- _What the task requires_: Each line below needs to be repeated precisely as it is.

- _Records to process_:
== Segment start ==
(* Let $q$ be even and $n\ge1$, and let $W$ be an $n$-dimensional Wild subspace over $\mathrm{GF}(q)$. If $f,g\in W$ with $f\neq g$, then $f(1)\neq g(1)$.
   Context: Let $q$ be even. An o-permutation over $\mathrm{GF}(q^n)$ is a function $f:\mathrm{GF}(q^n)\to\mathrm{GF}(q^n)$ with $f(0)=0$ such that, for every $s\in\mathrm{GF}(q^n)$, the map $x\mapsto (f(x+s)+f(s))/x$ is a permutation of $\mathrm{GF}(q^n)\setminus\{0\}$; an o-polynomial is an o-permutation $f$ with $f(1)=1$. Let $\mathfrak F$ be the $\mathrm{GF}(q)$-vector space of all functions $f:\mathrm{GF}(q^n)\to\mathrm{GF}(q^n)$ with $f(0)=0$. An $n$-dimensional Wild subspace over $\mathrm{GF}(q)$ is an $n$-dimensional $\mathrm{GF}(q)$-subspace $W$ of $\mathfrak F$ every nonzero element of which is an o-permutation over $\mathrm{GF}(q^n)$. *)

From HB Require Import structures.
From mathcomp Require Import all_boot all_order all_algebra all_fingroup all_field.
Set Implicit Arguments. Unset Strict Implicit. Unset Printing Implicit Defensive.
Import GRing.Theory.
Local Open Scope ring_scope.

(* GF(q) is a finite field F; GF(q^n) is a field extension L of F of degree n
   (\dim {:L} = n), made a finite type via [finvect_type]. *)

Definition o_permutation (L : fieldType) (f : L -> L) : Prop :=
  f 0 = 0 /\
  forall s : L,
    let g := fun x : L => (f (x + s) + f s) / x in
    [/\ forall x, x != 0 -> g x != 0,
        forall x y, x != 0 -> y != 0 -> g x = g y -> x = y
      & forall y, y != 0 -> exists2 x, x != 0 & g x = y].

Definition wild_subspace (F : finFieldType) (L : fieldExtType F) (n : nat)
    (W : {vspace {ffun finvect_type L -> L}}) : Prop :=
  [/\ \dim W = n,
      forall f, f \in W -> f 0 = 0
    & forall f, f \in W -> f != 0 -> o_permutation (fun x : L => f x)].

From HB Require Import structures.
From mathcomp Require Import all_boot all_order all_algebra all_fingroup all_field.
Local Open Scope ring_scope.
Import GRing.Theory.

(* For s = 0 the difference quotient of an o-permutation h is h x / x, which
   is nonzero off 0; apply this to h = f - g at x = 1.  Neither the parity
   of q nor the dimension of W plays a role. *)

Lemma o_permutation_neq0 {L : fieldType} {h : L -> L} {x : L} :
  o_permutation h -> x != 0 -> h x != 0.
Proof.
move=> [h0 hquot] x_neq0.
have [quot_neq0 _ _] := hquot 0.
by have := quot_neq0 x x_neq0; rewrite /= addr0 h0 addr0 mulf_eq0 negb_or => /andP[].
Qed.

Lemma wild_subspace_neq0 {F : finFieldType} {L : fieldExtType F} {n : nat}
    {W : {vspace {ffun finvect_type L -> L}}} {h : {ffun finvect_type L -> L}}
    {x : L} :
  wild_subspace n W -> h \in W -> h != 0 -> x != 0 -> h x != 0.
Proof. by move=> [_ _ W_oper] hW h_neq0; apply: o_permutation_neq0 (W_oper h hW h_neq0). Qed.

Theorem lemma1 (F : finFieldType) (L : fieldExtType F) (n : nat)
    (W : {vspace {ffun finvect_type L -> L}}) :
  ~~ odd #|F| -> (0 < n)%N -> \dim {:L} = n ->
  wild_subspace n W ->
  forall f g, f \in W -> g \in W -> f != g -> f 1 != g 1.
Proof.
move=> _ _ _ wildW f g fW gW f_neq_g.
have fgW : f - g \in W by rewrite memvB.
have fg_neq0 : f - g != 0 by rewrite subr_eq0.
by have := wild_subspace_neq0 wildW fgW fg_neq0 (oner_neq0 L); rewrite !ffunE subr_eq0.
Qed.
== Segment end ==
- _Answer to the exercise_:
(* Let $q$ be even and $n\ge1$, and let $W$ be an $n$-dimensional Wild subspace over $\mathrm{GF}(q)$. If $f,g\in W$ with $f\neq g$, then $f(1)\neq g(1)$.
   Context: Let $q$ be even. An o-permutation over $\mathrm{GF}(q^n)$ is a function $f:\mathrm{GF}(q^n)\to\mathrm{GF}(q^n)$ with $f(0)=0$ such that, for every $s\in\mathrm{GF}(q^n)$, the map $x\mapsto (f(x+s)+f(s))/x$ is a permutation of $\mathrm{GF}(q^n)\setminus\{0\}$; an o-polynomial is an o-permutation $f$ with $f(1)=1$. Let $\mathfrak F$ be the $\mathrm{GF}(q)$-vector space of all functions $f:\mathrm{GF}(q^n)\to\mathrm{GF}(q^n)$ with $f(0)=0$. An $n$-dimensional Wild subspace over $\mathrm{GF}(q)$ is an $n$-dimensional $\mathrm{GF}(q)$-subspace $W$ of $\mathfrak F$ every nonzero element of which is an o-permutation over $\mathrm{GF}(q^n)$. *)

From HB Require Import structures.
From mathcomp Require Import all_boot all_order all_algebra all_fingroup all_field.
Set Implicit Arguments. Unset Strict Implicit. Unset Printing Implicit Defensive.
Import GRing.Theory.
Local Open Scope ring_scope.

(* GF(q) is a finite field F; GF(q^n) is a field extension L of F of degree n
   (\dim {:L} = n), made a finite type via [finvect_type]. *)

Definition o_permutation (L : fieldType) (f : L -> L) : Prop :=
  f 0 = 0 /\
  forall s : L,
    let g := fun x : L => (f (x + s) + f s) / x in
    [/\ forall x, x != 0 -> g x != 0,
        forall x y, x != 0 -> y != 0 -> g x = g y -> x = y
      & forall y, y != 0 -> exists2 x, x != 0 & g x = y].

Definition wild_subspace (F : finFieldType) (L : fieldExtType F) (n : nat)
    (W : {vspace {ffun finvect_type L -> L}}) : Prop :=
  [/\ \dim W = n,
      forall f, f \in W -> f 0 = 0
    & forall f, f \in W -> f != 0 -> o_permutation (fun x : L => f x)].

From HB Require Import structures.
From mathcomp Require Import all_boot all_order all_algebra all_fingroup all_field.
Local Open Scope ring_scope.
Import GRing.Theory.

(* For s = 0 the difference quotient of an o-permutation h is h x / x, which
   is nonzero off 0; apply this to h = f - g at x = 1.  Neither the parity
   of q nor the dimension of W plays a role. *)

Lemma o_permutation_neq0 {L : fieldType} {h : L -> L} {x : L} :
  o_permutation h -> x != 0 -> h x != 0.
Proof.
move=> [h0 hquot] x_neq0.
have [quot_neq0 _ _] := hquot 0.
by have := quot_neq0 x x_neq0; rewrite /= addr0 h0 addr0 mulf_eq0 negb_or => /andP[].
Qed.

Lemma wild_subspace_neq0 {F : finFieldType} {L : fieldExtType F} {n : nat}
    {W : {vspace {ffun finvect_type L -> L}}} {h : {ffun finvect_type L -> L}}
    {x : L} :
  wild_subspace n W -> h \in W -> h != 0 -> x != 0 -> h x != 0.
Proof. by move=> [_ _ W_oper] hW h_neq0; apply: o_permutation_neq0 (W_oper h hW h_neq0). Qed.

Theorem lemma1 (F : finFieldType) (L : fieldExtType F) (n : nat)
    (W : {vspace {ffun finvect_type L -> L}}) :
  ~~ odd #|F| -> (0 < n)%N -> \dim {:L} = n ->
  wild_subspace n W ->
  forall f g, f \in W -> g \in W -> f != g -> f 1 != g 1.
Proof.
move=> _ _ _ wildW f g fW gW f_neq_g.
have fgW : f - g \in W by rewrite memvB.
have fg_neq0 : f - g != 0 by rewrite subr_eq0.
by have := wild_subspace_neq0 wildW fgW fg_neq0 (oner_neq0 L); rewrite !ffunE subr_eq0.
Qed.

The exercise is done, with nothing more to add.